She continues to build on her knowledge of what constitutes the best care as she trains nursing students at the University of Alberta.
“How can we develop more ethically sensitive practitioners, teaching nursing students to think about not just big ethical dilemmas, but also what we call ‘everyday ethics,’ all of the encounters with others we have in a day?” she asks. “We have these opportunities to connect with people so they feel cared for (or not).”
Lemermeyer employs a research approach known as phenomenology, the study of everyday experiences and their meanings, to understand the “embodied ethics” of nursing – in other words, the things nurses know in their bodies through their daily practice.
Lemermeyer interviews NICU nurses about the gestures and activities of their practice – changing a diaper, inserting an intravenous line, comforting a child in pain – to highlight and better understand the inherently ethical nature of the nurse-patient relationship.

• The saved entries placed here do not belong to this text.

Lemma barrier_int_nonneg a b : a <= b -> 0 <= barrier_int a b.
Proof.
  intros Hab. rewrite (barrier_int_eq a b (barrier_integrable a b Hab) Hab).
  rewrite <- (Rmult_0_l (b - a)), <- (RiemannInt_P15 (RiemannInt_P14 a b 0)).
  apply RiemannInt_P19; [exact Hab |]. intros. apply sqrt_pos.
Qed.
Lemma barrier_int_le_improper I : improper_integral_R (barrier Delta k2) I ->
  forall x y, x <= y -> barrier_int x y <= I.
Proof.
  intros [_ HI] x y Hxy. apply Rnot_lt_le. intros Hlt.
  destruct (HI (barrier_int x y - I)) as [M HM]; [lra|].
  set (a := Rmin x (- M)). set (b := Rmax y M).
  pose proof (Rmin_l x (- M)). pose proof (Rmin_r x (- M)).
  pose proof (Rmax_l y M). pose proof (Rmax_r y M).
  assert (Hab : a <= b) by (unfold a, b; lra).
  specialize (HM a b (barrier_integrable a b Hab) ltac:(unfold a; lra) ltac:(unfold b; lra)).
  rewrite <- (barrier_int_eq a b _ Hab), <- (barrier_int_chasles a x b),
    <- (barrier_int_chasles x y b) in HM by (unfold a, b; lra).
  pose proof (barrier_int_nonneg a x ltac:(unfold a; lra)).
  pose proof (barrier_int_nonneg y b ltac:(unfold b; lra)).
  apply Rabs_def2 in HM. lra.
Qed.

End BarrierIntegral.

Lemma ratio_le_scaled C p q k D e : 0 < D -> D <= q -> D <= k -> 0 <= p -> 0 <= C -> 0 <= e ->
  C * (p / q) * e <= C * (k * p / D ^ 2) * e.
Proof.
  intros HD Hq Hk Hp HC He. apply Rmult_le_compat_r; [exact He|]. apply Rmult_le_compat_l; [exact HC|].
  apply Rle_trans with (p / D); unfold Rdiv.
  - apply Rmult_le_compat_l; [exact Hp|]. apply Rinv_le_contravar; lra.
  - replace (k * p * / D ^ 2) with (p * / D * (k / D)) by (field; lra).
    rewrite <- (Rmult_1_r (p * / D)) at 1. apply Rmult_le_compat_l.
    + apply Rmult_le_pos; [lra | apply Rlt_le, Rinv_0_lt_compat; lra].
    + apply Rmult_le_reg_r with D; [lra|]. field_simplify; lra.
Qed.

“The experienced nurse moves deftly: turning, repositioning, containing, supporting, lifting, guiding the baby’s little body to find a comfortable position,” Lemermeyer writes in her paper about the ethics of NICU nurses’ touches. “Without needing to think it through, make a plan, or use an algorithm or other prescription, it seems the know-how to soothe a babe is expressed as coming from the nurse’s hands.”
Lemermeyer wonders how the relationship will be influenced by the increasing use of technologies in health care. For example, to make up for limited spots in real-life clinical settings, student nurses now train using high-fidelity mannequin patients that have blinking eyes and beating hearts.
Are the “touches and gazes, movements and habits that facilitate connection between nurses and patients” lost when the patient is not human? Or does technology present an opportunity for the students to learn through trial and error, possibly making mistakes that would not be well tolerated by real patients? Technologies enable both of these things to happen, and we must be vigilant to understand their full effects, Lemermeyer says.
Technologies have always extended and augmented the care nurses provide. In the early days, it was warm compresses and poultices. The difference with digital and AI technologies may be the rate at which they are being designed and the lack of knowledge most bedside nurses will have about how they work and their full impacts, she points out.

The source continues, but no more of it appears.